Could you reproduce, word for word, everything below from the line containing "Definition kth_odd_term (z" down to the line containing "q ++ [false]", with both of those lines included and no others?

Segment Open

(* Let $z\in\mathbb{N}$, $z\ge1$, and let $w\in\{0,1\}^*$ be the standard binary representation of $z$ (no leading zeros). Let $(o_k)_{k\ge0}$ be the sequence of odd terms of the Collatz sequence $z,T(z),T^2(z),\dots$, listed in order of occurrence (so $o_0$ is the first odd term). Then for every $y_0\le0$, in the limit configuration $c_\infty[w]$ the cells of row $y_0$ whose sum bit is defined (i.e. not $\bot$) are exactly the cells $(x,y_0)$ with $x\le x_1$ for some integer $x_1$, only finitely many of these sum bits equal $1$, and, writing $b_x$ for the sum bit of $(x,y_0)$, one has $\sum_{x\le x_1} b_x\,2^{x_1-x}=2^{m}\,o_{|y_0|}$ for some integer $m\ge0$. (That is, row $y_0$ reads, west to east, $0^\infty u\,0^m$ where $u$ is the binary representation of $o_{|y_0|}$.)
   Context: The Collatz map $T:\mathbb{N}\to\mathbb{N}$ is $T(x)=x/2$ for even $x$ and $T(x)=(3x+1)/2$ for odd $x$. Notation: $E=(1,0)$, $W=(-1,0)$, $N=(0,1)$, $S=(0,-1)$ in $\mathbb{Z}^2$; $[P]\in\{0,1\}$ equals $1$ iff $P$ holds. Strings are indexed from the right: $w=w_{k-1}\cdots w_0$. The CQCA. State set $\Sigma=\{0,1,\bot\}^2\setminus\{(\bot,0),(\bot,1)\}$; a state $(s,c)$ has sum bit $s$ and carry bit $c$. A state is undefined if it is $(\bot,\bot)$, half-defined if $s\in\{0,1\}$ and $c=\bot$, and defined if $s,c\in\{0,1\}$. A configuration is a map $C:\mathbb{Z}^2\to\Sigma$. One step $F(C)$: first the non-local rule produces $C'$: for each $u$, $C'(u)=(0,1)$ if $C(u+W)=(1,\bot)$, $C(u)\in\{(0,\bot),(\bot,\bot)\}$, and $C(u+iE)\in\{(0,\bot),(\bot,\bot)\}$ for all integers $i\ge1$; otherwise $C'(u)=C(u)$. Then the local rule is applied to $C'$ at every cell simultaneously: (i) if $C'(u)=(s,\bot)$ with $s\in\{0,1\}$ and $C'(u+E)=(s',c')$ is defined, then $F(C)(u)=(s,[s+s'+c'\ge2])$; (ii) if $C'(u)=(\bot,\bot)$, $C'(u+N)=(s,\bot)$ is half-defined and $C'(u+N+E)=(s',c')$ is defined, then $F(C)(u)=((s+s'+c')\bmod 2,\bot)$; (iii) otherwise $F(C)(u)=C'(u)$. For $w\in\{0,1\}^*$ the initial configuration $c_0[w]$ is: $c_0[w](-i,0)=(w_{i-1},\bot)$ for $1\le i\le|w|$, $c_0[w](-i,0)=(0,\bot)$ for $i>|w|$, and $(\bot,\bot)$ elsewhere. Every cell's state in $F^i(c_0[w])$ is eventually constant in $i$; $c_\infty[w]$ denotes the pointwise limit. *)

From Stdlib Require Import ZArith List Arith Classical ClassicalEpsilon.
Import ListNotations.
Open Scope Z_scope.

Definition collatzT (x : nat) : nat :=
  if Nat.even x then Nat.div2 x else Nat.div2 (3 * x + 1).

Definition kth_odd_term (z k o : nat) : Prop :=
  exists n : nat,
    Nat.iter n collatzT z = o /\ Nat.odd o = true /\
    length (filter (fun j => Nat.odd (Nat.iter j collatzT z)) (seq 0 n)) = k.

(** Standard binary representation (no leading zeros) of a positive
    number, written most-significant bit first, i.e. as the string
    w_{k-1} ... w_0. *)
Fixpoint binrep (p : positive) : list bool :=
  match p with
  | xH => [true]
  | xO q => binrep q ++ [false]
  | xI q => binrep q ++ [true]
  end.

Segment Closed

• [YOUR RESPONSE]:
Definition kth_odd_term (z k o : nat) : Prop :=
  exists n : nat,
    Nat.iter n collatzT z = o /\ Nat.odd o = true /\
    length (filter (fun j => Nat.odd (Nat.iter j collatzT z)) (seq 0 n)) = k.

(** Standard binary representation (no leading zeros) of a positive
    number, written most-significant bit first, i.e. as the string
    w_{k-1} ... w_0. *)
Fixpoint binrep (p : positive) : list bool :=
  match p with
  | xH => [true]
  | xO q => binrep q ++ [false]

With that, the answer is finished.